**Exercise goal:** Retype, word for word, each line between the lines holding "Set Implicit Arguments." and "Definition is_banach_algebra (A", inclusive, and leave the rest of the data alone.

**Source records:**

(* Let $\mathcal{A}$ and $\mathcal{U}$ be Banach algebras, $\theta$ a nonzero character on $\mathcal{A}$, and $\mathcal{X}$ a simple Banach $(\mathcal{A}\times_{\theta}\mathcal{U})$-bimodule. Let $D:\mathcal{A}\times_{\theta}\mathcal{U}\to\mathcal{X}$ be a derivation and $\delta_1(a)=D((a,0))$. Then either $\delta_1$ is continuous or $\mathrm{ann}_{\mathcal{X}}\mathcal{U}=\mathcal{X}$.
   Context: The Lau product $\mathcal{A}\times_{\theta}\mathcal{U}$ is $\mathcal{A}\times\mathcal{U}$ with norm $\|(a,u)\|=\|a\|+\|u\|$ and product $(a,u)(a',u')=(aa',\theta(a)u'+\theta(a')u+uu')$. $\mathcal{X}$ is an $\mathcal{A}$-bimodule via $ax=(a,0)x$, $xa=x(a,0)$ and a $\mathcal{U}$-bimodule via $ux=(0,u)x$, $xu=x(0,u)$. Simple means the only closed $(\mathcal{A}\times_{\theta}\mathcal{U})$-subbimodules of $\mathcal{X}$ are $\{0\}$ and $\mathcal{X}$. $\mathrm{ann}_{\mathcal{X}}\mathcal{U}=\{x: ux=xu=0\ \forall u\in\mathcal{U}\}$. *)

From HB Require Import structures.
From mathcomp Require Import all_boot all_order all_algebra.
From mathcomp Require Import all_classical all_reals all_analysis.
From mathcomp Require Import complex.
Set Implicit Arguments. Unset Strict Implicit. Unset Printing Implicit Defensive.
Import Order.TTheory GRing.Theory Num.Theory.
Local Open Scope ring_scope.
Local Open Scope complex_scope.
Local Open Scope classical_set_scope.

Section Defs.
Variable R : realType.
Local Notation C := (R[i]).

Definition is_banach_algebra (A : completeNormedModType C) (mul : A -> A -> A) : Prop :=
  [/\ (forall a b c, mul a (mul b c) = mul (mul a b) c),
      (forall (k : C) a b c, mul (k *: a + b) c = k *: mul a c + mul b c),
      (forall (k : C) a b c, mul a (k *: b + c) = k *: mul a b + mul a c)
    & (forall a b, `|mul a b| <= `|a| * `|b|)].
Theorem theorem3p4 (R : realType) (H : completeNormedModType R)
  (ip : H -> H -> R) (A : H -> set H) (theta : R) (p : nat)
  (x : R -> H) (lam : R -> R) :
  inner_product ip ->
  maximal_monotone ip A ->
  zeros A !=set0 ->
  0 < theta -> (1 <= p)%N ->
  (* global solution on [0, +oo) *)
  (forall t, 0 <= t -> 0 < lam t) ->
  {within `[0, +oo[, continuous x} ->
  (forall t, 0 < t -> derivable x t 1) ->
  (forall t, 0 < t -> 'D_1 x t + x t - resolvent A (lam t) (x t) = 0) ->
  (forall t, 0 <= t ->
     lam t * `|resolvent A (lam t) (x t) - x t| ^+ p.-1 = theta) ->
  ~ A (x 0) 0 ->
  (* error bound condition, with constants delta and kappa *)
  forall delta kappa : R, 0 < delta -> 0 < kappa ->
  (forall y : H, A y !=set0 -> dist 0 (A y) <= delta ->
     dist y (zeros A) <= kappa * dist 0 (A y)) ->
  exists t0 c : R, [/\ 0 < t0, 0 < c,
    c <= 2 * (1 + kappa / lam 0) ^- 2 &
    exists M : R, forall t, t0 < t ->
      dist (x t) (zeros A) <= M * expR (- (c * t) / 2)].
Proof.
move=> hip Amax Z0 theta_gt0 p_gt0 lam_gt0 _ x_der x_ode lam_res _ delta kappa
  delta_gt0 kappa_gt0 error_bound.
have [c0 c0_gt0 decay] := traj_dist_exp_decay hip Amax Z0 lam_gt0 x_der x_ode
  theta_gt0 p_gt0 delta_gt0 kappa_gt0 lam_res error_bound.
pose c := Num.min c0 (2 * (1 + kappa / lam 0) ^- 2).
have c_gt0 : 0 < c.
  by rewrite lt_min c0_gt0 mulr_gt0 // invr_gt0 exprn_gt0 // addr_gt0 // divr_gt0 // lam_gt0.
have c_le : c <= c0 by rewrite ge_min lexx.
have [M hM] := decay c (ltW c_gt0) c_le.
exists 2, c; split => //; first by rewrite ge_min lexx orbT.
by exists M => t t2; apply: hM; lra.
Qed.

**Task response:**
Set Implicit Arguments. Unset Strict Implicit. Unset Printing Implicit Defensive.
Import Order.TTheory GRing.Theory Num.Theory.
Local Open Scope ring_scope.
Local Open Scope complex_scope.
Local Open Scope classical_set_scope.

Section Defs.
Variable R : realType.
Local Notation C := (R[i]).

Definition is_banach_algebra (A : completeNormedModType C) (mul : A -> A -> A) : Prop :=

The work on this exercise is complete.